カードショップに到着した直後、Dゲイザーの着信音が鳴り響いた。わたしのではなくてドルベくんのようだった。すまない、少し席を外す。とドルベくんは外に出ていった。手持ち無沙汰のわたしはゆっくりカードを見てみようかなとお店を回ることに。たくさんカードがあって…どれにしようか迷うな…。本ならすぐ決まるのに…。あ、このカード…。わたしがとあるカードに注目していると、人の気配を感じたのでドルベくんが戻って来たのかと思って振り返った。

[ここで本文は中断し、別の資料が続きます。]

Lemma subshape_tab_of_chain i : i <= n ->
  parts_eq (subshape (tab_of_chain D n) i) (D i).
Proof.
move=> le_in; set p := fun y => 0 < nth 0 (D n) y.
have p_down x y : x <= y -> p y -> p x.
  by move=> le_xy /leq_trans; apply; apply: nth_sorted_geq.
(* tab_of_chain drops empty rows; as D n is sorted they form a final segment, so the
   remaining rows keep their indices. *)
have rows : [seq y <- iota 0 n | chain_row D n y != [::]] = iota 0 (count p (iota 0 n)).
  rewrite -(filter_iota0_downclosed _ p_down); apply: eq_filter => y.
  by rewrite -size_eq0 size_chain_row /p lt0n.
rewrite /subshape /tab_of_chain filter_map rows -map_comp => y.
case: (ltnP y (count p (iota 0 n))) => [lt_y|le_y].
  by rewrite (nth_map 0) ?size_iota // nth_iota //= count_chain_row.
rewrite nth_default ?size_map ?size_iota //; apply/esym/eqP; rewrite -leqn0.
apply: leq_trans (chain_le_last _ le_in) _; rewrite leqn0 eqn0Ngt.
case: (ltnP y n) => [lt_yn|le_ny]; last by rewrite nth_default ?(leq_trans size_Dn).
apply/negP => py; have : y \in [seq y <- iota 0 n | p y].
  by rewrite mem_filter /p py mem_iota add0n lt_yn.
by rewrite filter_iota0_downclosed // mem_iota ltnNge le_y.
Qed.

End ChainTableau.

Lemma nth_subshape T m y :
  nth 0 (subshape T m) y = count (fun e => e <= m) (nth [::] T y).
Proof.
rewrite /subshape; case: (ltnP y (size T)) => [lt_yT|le_Ty]; first by rewrite (nth_map [::]).
by rewrite !nth_default ?size_map.
Qed.
(* Pairs at distance 0 contribute the junk quotient [_ / 0 = 0] to the
   supremum, hence the hypothesis [0 <= L]. *)
Lemma lip_norm_le L : 0 <= L ->
  (forall x y, C x -> C y -> dN (f x) (f y) <= L * dM x y) -> lip_norm dM dN C f <= L.
Proof.
move=> L0 lipf; have [a [b [Ca [Cb ab]]]] := C_nontrivial; apply: ge_sup.
  by exists (dN (f a) (f b) / dM a b), a, b.
move=> _ [x [y [Cx Cy _ ->]]].
have [->|dxy_neq0] := eqVneq (dM x y) 0; first by rewrite invr0 mulr0.
by rewrite ler_pdivrMr ?lt0r ?dxy_neq0 ?dM_ge0 ?lipf.
Qed.

Lemma lip_norm_separation L D m r Delta :
  0 <= L -> 0 < D -> 0 < m -> 0 < r -> 0 <= Delta ->
  (forall x y, C x -> C y -> dN (f x) (f y) <= L * dM x y) ->
  (forall x y, C x -> C y -> dM x y `^ r <= m * dN (f x) (f y)) ->
  L / D * Delta <= Delta `^ r / m ->
  forall x y, C x -> C y -> dM x y > Delta ->
    dN (f x) (f y) > lip_norm dM dN C f / D * Delta.
Proof.
move=> L0 D0 m0 r0 Delta0 lipf colipf LDm x y Cx Cy Delta_xy.
apply: le_lt_trans (_ : _ <= Delta `^ r / m) _.
  apply: le_trans LDm; rewrite ler_wpM2r // ler_wpM2r ?invr_ge0 ?(ltW D0) //.
  exact: lip_norm_le.
rewrite ltr_pdivrMr // mulrC; apply: lt_le_trans (colipf x y Cx Cy).
by rewrite gt0_ltr_powR ?nnegrE // (le_trans Delta0 (ltW Delta_xy)).
Qed.

End LipNorm.

Definition mazur_distortion (R : realType) (r : R) : R := 2 * r * 4 `^ (r - 1) * 2 `^ r.

Lemma mazur_distortion_gt1 (R : realType) (r : R) : 1 < r -> 1 < mazur_distortion r.
Proof.
move=> r1; have r0 : 0 < r := lt_trans ltr01 r1.
have h4 : 1 <= 4 `^ (r - 1) by rewrite powR_ge1 ?ler1n // subr_ge0 ltW.
have h2 : 1 <= 2 `^ r :> R by rewrite powR_ge1 ?ler1n // ltW.
apply: (@lt_le_trans _ _ (2 * r)); first lra.
by rewrite /mazur_distortion -mulrA ler_peMr ?mulr_ege1 // mulr_ge0 // ltW.
Qed.

(* [2 r (4 K Delta)^(r-1)] is the Lipschitz bound of the Mazur map on a set of
   radius [K Delta]; the distortion is chosen so that this bound, rescaled by
   [Delta / D], meets the co-Lipschitz threshold [Delta^r / 2^r]. *)
Lemma mazur_distortion_ratio (R : realType) (r K Delta : R) : 1 < r -> 0 < K -> 0 < Delta ->
  2 * r * (4 * (K * Delta)) `^ (r - 1) / (mazur_distortion r * K `^ (r - 1)) * Delta =
  Delta `^ r / 2 `^ r.
Proof.
move=> r1 K0 Delta0; have r0 : 0 < r := lt_trans ltr01 r1.
rewrite /mazur_distortion (powRM _ (ler0n _ 4) (ltW (mulr_gt0 K0 Delta0))).
rewrite (powRM _ (ltW K0) (ltW Delta0)) -(mulr_powRB1 (ltW Delta0) r0); field.
by rewrite !gt_eqF ?powR_gt0 ?mulr_gt0.
Qed.

Theorem lemma18 (R : realType) :
  forall r : R, 1 < r ->
  exists c : R, 0 < c /\
    forall (K p q : R), 1 < K -> 1 <= q -> p = r * q ->
      exists D : R, 1 < D /\ D <= c * K `^ (r - 1) /\
        localized_weakly_biLipschitz (@lp_dist R p) (@lp_dist R q) K D.
Proof.
move=> r r1; have r0 : 0 < r := lt_trans ltr01 r1.
have c_gt1 := mazur_distortion_gt1 r1; have c0 := lt_trans ltr01 c_gt1.
exists (mazur_distortion r); split => // K p q K1 q1 ->.
have K0 := lt_trans ltr01 K1.
have Kr1 : 1 <= K `^ (r - 1) by rewrite powR_ge1 ?subr_ge0 ?ltW.
have D_gt1 : 1 < mazur_distortion r * K `^ (r - 1).
  by apply: lt_le_trans c_gt1 _; rewrite ler_peMr // ltW.
exists (mazur_distortion r * K `^ (r - 1)); split => //; split => //.
move=> Delta C Delta0 Cab diamC; have [a [b [Ca [Cb ab]]]] := Cab.
have KDelta0 : 0 < K * Delta by rewrite mulr_gt0.
set L := 2 * r * (4 * (K * Delta)) `^ (r - 1).
have L0 : 0 <= L by rewrite mulr_ge0 ?powR_ge0 // mulr_ge0 // ltW.
have lipF x y : C x -> C y ->
    lp_dist (mazur_map r1 q1 a x) (mazur_map r1 q1 a y) <= L * lp_dist x y.
  by move=> Cx Cy; apply: lp_dist_mazur_map_le; rewrite ?diamC.
exists (mazur_map r1 q1 a); split; first by exists L.
split; first by exists a, b; do 2!split => //; move/mazur_map_inj.
have D0 := lt_trans ltr01 D_gt1; have two_r0 : 0 < 2 `^ r :> R by rewrite powR_gt0.
have := lip_norm_separation (dM := @lp_dist R (r * q)) Cab (fun x y _ _ => powR_ge0 _ _)
  L0 D0 two_r0 r0 (ltW Delta0) lipF (fun x y _ _ => lp_dist_mazur_map_ge r1 q1 a x y).
by apply; rewrite mazur_distortion_ratio.
Qed.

彼女のことが心配だった私は璃緒からの通話を手短に切って店の中へと戻る。(帰りに買ってきて欲しい物があるとのことだった)彼女はどこだろうか。店内を見渡して彼女の後ろ姿を見つける。よかった…と思ったのも束の間、彼女の肩が小刻みに震えている。私はすぐに駆け寄ると、我々とそう歳の変わらなさそうな男が彼女に話しかけていた。
「ねぇ、君どんなデッキ作るか決まってないなら、オレが選んであげようか?絶対強いの組めるよ。」
「いえ、あの…。」
「君はマドルチェとか似合いそうだよね。探してくるよ?」
彼女は固まったまま、指先を擦り合わせている。この仕草には…心当たりがある。私は迷わず彼女と男の間に割って入った。
「彼女に用があるなら私を通してもらおうか?」
自分が思っていた以上に低く鋭い声になってしまった。男は一瞬たじろぎ、舌打ちしながら男連れかよ…と捨て台詞を吐いて奥の方へと消えていった。
「…一旦外へ出よう。」
まだ震えている彼女の手を少し迷いながらも掴む。…店に入る前は暖かい手だったのが、氷のように冷たくなっていた。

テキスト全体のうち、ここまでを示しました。